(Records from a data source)
+---+

(* Let $\breve f\colon\{0,\dots,n\}\to\mathbb{Q}$ and $\breve g\colon\{0,\dots,m\}\to\mathbb{Q}$ be convex, $\breve h$ their min-plus convolution, and $\delta\ge0$. For each $k\in\{0,\dots,n+m\}$ let $(i^+_k,k-i^+_k)\in P^+_\delta$ and $(i^-_k,k-i^-_k)\in P^-_\delta$ be the points of these paths on diagonal $k$. Then the set $R_\delta$ of $\delta$-relevant points is exactly the set of points $(i,k-i)$ with $k\in\{0,\dots,n+m\}$ and $i^-_k\le i\le i^+_k$ (i.e., the points on or below $P^+_\delta$ and on or above $P^-_\delta$).
   Context: Convex means $F(i)-F(i-1)\le F(i+1)-F(i)$ for all interior $i$. $\breve h(k)=\min_{i+j=k}\breve f(i)+\breve g(j)$. A point is a pair $(i,j)\in\{0,\dots,n\}\times\{0,\dots,m\}$ on diagonal $i+j$; it is $\delta$-relevant if $\breve f(i)+\breve g(j)\le\breve h(i+j)+\delta$. $P^+_\delta$ (resp. $P^-_\delta$) is the set of points $(i,k-i)$, $k\in\{0,\dots,n+m\}$, where $i$ is maximal (resp. minimal) such that $(i,k-i)$ is a $\delta$-relevant point. *)

From mathcomp Require Import all_boot all_order all_algebra.
Set Implicit Arguments. Unset Strict Implicit. Unset Printing Implicit Defensive.
Import Order.TTheory GRing.Theory Num.Theory.
Local Open Scope ring_scope.

(* A function F : {0..N} -> Q, represented as F : nat -> rat (values beyond N
   are irrelevant), is convex if F(i)-F(i-1) <= F(i+1)-F(i) for 0 < i < N. *)
Definition convex_on (N : nat) (F : nat -> rat) : Prop :=
  forall i : nat, (0 < i)%N -> (i < N)%N -> F i - F i.-1 <= F i.+1 - F i.

Definition valid_point (n m k i : nat) : bool :=
  [&& (i <= k)%N, (i <= n)%N & (k - i <= m)%N].

(* min-plus convolution h(k) = min_{i+j=k, i<=n, j<=m} f(i) + g(j), for k <= n+m.
   The seed value corresponds to the valid point (k - minn k m, minn k m). *)
Definition minplus_conv (n m : nat) (f g : nat -> rat) (k : nat) : rat :=
  \big[Num.min/(f (k - minn k m)%N + g (minn k m))]_(i < n.+1 | valid_point n m k i)
     (f i + g (k - i)%N).

Definition relevant (n m : nat) (f g : nat -> rat) (delta : rat) (k i : nat) : Prop :=
  valid_point n m k i /\ f i + g (k - i)%N <= minplus_conv n m f g k + delta.

(* i is maximal (resp. minimal) such that (i, k-i) is delta-relevant:
   this is the point of P^+_delta (resp. P^-_delta) on diagonal k. *)
Definition is_Pplus (n m : nat) (f g : nat -> rat) (delta : rat) (k i : nat) : Prop :=
  relevant n m f g delta k i /\ forall i', relevant n m f g delta k i' -> (i' <= i)%N.
Definition is_Pminus (n m : nat) (f g : nat -> rat) (delta : rat) (k i : nat) : Prop :=
  relevant n m f g delta k i /\ forall i', relevant n m f g delta k i' -> (i <= i')%N.

From mathcomp Require Import all_boot all_order all_algebra.
From mathcomp Require Import zify lra.
Import Order.TTheory GRing.Theory Num.Theory.
Local Open Scope ring_scope.

(* On a fixed diagonal k the cost  j |-> f j + g (k - j)  of the
   point (j, k - j) is a sum of two convex sequences (the second one read
   backwards), hence convex on the range of valid indices [k - m, min k n].
   A convex sequence is quasi-convex: its value at i never exceeds the larger
   of its values at any x <= i and y >= i, because it is either nondecreasing
   from i on or nonincreasing up to i.  Consequently the delta-relevant points
   of a diagonal, i.e. the sublevel set {j | cost j <= h k + delta}, form an
   interval of indices.  Its endpoints are by definition the points of
   P^-_delta and P^+_delta, which gives the characterisation of R_delta. *)

Definition increment (phi : nat -> rat) (j : nat) : rat := phi j.+1 - phi j.

Section ConvexSequence.
Variables (phi : nat -> rat) (lo hi : nat).

Hypothesis phi_convex :
  forall j, (lo <= j)%N -> (j.+2 <= hi)%N -> increment phi j <= increment phi j.+1.

Lemma increment_mono j l :
  (lo <= j)%N -> (j <= l)%N -> (l.+1 <= hi)%N -> increment phi j <= increment phi l.
Proof.
move=> loj; elim: l => [|l IHl] jl lhi; first by have -> : j = 0%N by lia.
have [jl' | ] := leqP j l; last by move=> lj; have -> : j = l.+1 by lia.
by apply: le_trans (IHl jl' _) (phi_convex _ _ _); lia.
Qed.

Lemma convex_nondecreasing_from i y :
  (lo <= i)%N -> (i <= y)%N -> (y <= hi)%N -> 0 <= increment phi i ->
  phi i <= phi y.
Proof.
move=> loi; elim: y => [|y IHy] iy yhi inc_ge0; first by have -> : i = 0%N by lia.
have [iy' | ] := leqP i y; last by move=> yi; have -> : i = y.+1 by lia.
have inc_y := @increment_mono i y loi iy' yhi.
have phi_y := IHy iy' (ltnW yhi) inc_ge0.
rewrite /increment in inc_y inc_ge0; lra.
Qed.

Lemma convex_nonincreasing_to i x :
  (lo <= x)%N -> (x <= i)%N -> (i < hi)%N -> increment phi i < 0 ->
  phi i <= phi x.
Proof.
move=> lox xi ihi inc_lt0.
suff back c : (c <= i - x)%N -> phi i <= phi (i - c).
  by have := back (i - x)%N (leqnn _); rewrite subKn.
elim: c => [|c IHc] ci; first by rewrite subn0.
have phi_c := IHc (ltnW ci).
have inc_c := @increment_mono (i - c.+1) i ltac:(lia) ltac:(lia) ihi.
have shift : (i - c = (i - c.+1).+1)%N by lia.
rewrite shift in phi_c.
rewrite /increment in inc_c inc_lt0; lra.
Qed.

Lemma convex_quasiconvex x i y :
  (lo <= x)%N -> (x <= i)%N -> (i <= y)%N -> (y <= hi)%N ->
  phi i <= Num.max (phi x) (phi y).
Proof.
move=> lox xi iy yhi; rewrite le_max.
have [yi | iy'] := leqP y i.
  have -> : i = y by lia.
  by rewrite lexx orbT.
have [inc_ge0 | inc_lt0] := lerP 0 (increment phi i).
  by rewrite (@convex_nondecreasing_from i y _ iy yhi inc_ge0) ?orbT //; lia.
by rewrite (@convex_nonincreasing_to i x lox xi _ inc_lt0) //; lia.
Qed.

End ConvexSequence.

Definition diag_cost (f g : nat -> rat) (k j : nat) : rat := f j + g (k - j)%N.

Lemma diag_cost_convex (n m : nat) (f g : nat -> rat) (k : nat) :
  convex_on n f -> convex_on m g ->
  forall j, (k - m <= j)%N -> (j.+2 <= minn k n)%N ->
  increment (diag_cost f g k) j <= increment (diag_cost f g k) j.+1.
Proof.
move=> f_convex g_convex j kmj jkn; rewrite /increment /diag_cost.
have f_j := f_convex j.+1 ltac:(lia) ltac:(lia).
have g_j := g_convex (k - j.+1)%N ltac:(lia) ltac:(lia).
have prev : (k - j.+1).-1 = (k - j.+2)%N by lia.
have next : (k - j.+1).+1 = (k - j)%N by lia.
rewrite prev next in g_j.
rewrite /= in f_j; lra.
Qed.

Lemma valid_point_diag {n m k i : nat} : valid_point n m k i -> (k <= n + m)%N.
Proof. by rewrite /valid_point; lia. Qed.

Lemma relevant_between {n m : nat} {f g : nat -> rat} {delta : rat} {k x i y : nat} :
  convex_on n f -> convex_on m g ->
  relevant n m f g delta k x -> relevant n m f g delta k y ->
  valid_point n m k i -> (x <= i <= y)%N ->
  relevant n m f g delta k i.
Proof.
move=> f_convex g_convex [vx cost_x] [vy cost_y] vi /andP[xi iy]; split=> //.
move: vx vy; rewrite /valid_point => vx vy.
have := @convex_quasiconvex _ _ _ (@diag_cost_convex n m f g k f_convex g_convex) x i y.
rewrite le_max /diag_cost => /(_ ltac:(lia) xi iy ltac:(lia)) /orP[] cost_i.
- exact: le_trans cost_i cost_x.
- exact: le_trans cost_i cost_y.
Qed.

Theorem mainTheorem13 (n m : nat) (f g : nat -> rat) (delta : rat)
  (ip im : nat -> nat) :
  convex_on n f -> convex_on m g -> 0 <= delta ->
  (forall k, (k <= n + m)%N -> is_Pplus n m f g delta k (ip k)) ->
  (forall k, (k <= n + m)%N -> is_Pminus n m f g delta k (im k)) ->
  forall k i : nat,
    relevant n m f g delta k i <->
    [/\ (k <= n + m)%N, valid_point n m k i & (im k <= i <= ip k)%N].
Proof.
move=> f_convex g_convex _ Pplus Pminus k i; split.
- move=> rel_i; have [vi _] := rel_i; have kb := valid_point_diag vi.
  by split=> //; rewrite (Pminus k kb).2 ?(Pplus k kb).2.
- case=> kb vi between.
  exact: relevant_between f_convex g_convex (Pminus k kb).1 (Pplus k kb).1 vi between.
Qed.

+---+

### Activity:
Beginning at the line above that contains "move=> loi; elim: y", return each line exactly through the line that contains "have inc_c := @increment_mono", and no others.

### Answer:
move=> loi; elim: y => [|y IHy] iy yhi inc_ge0; first by have -> : i = 0%N by lia.
have [iy' | ] := leqP i y; last by move=> yi; have -> : i = y.+1 by lia.
have inc_y := @increment_mono i y loi iy' yhi.
have phi_y := IHy iy' (ltnW yhi) inc_ge0.
rewrite /increment in inc_y inc_ge0; lra.
Qed.

Lemma convex_nonincreasing_to i x :
  (lo <= x)%N -> (x <= i)%N -> (i < hi)%N -> increment phi i < 0 ->
  phi i <= phi x.
Proof.
move=> lox xi ihi inc_lt0.
suff back c : (c <= i - x)%N -> phi i <= phi (i - c).
  by have := back (i - x)%N (leqnn _); rewrite subKn.
elim: c => [|c IHc] ci; first by rewrite subn0.
have phi_c := IHc (ltnW ci).
have inc_c := @increment_mono (i - c.+1) i ltac:(lia) ltac:(lia) ihi.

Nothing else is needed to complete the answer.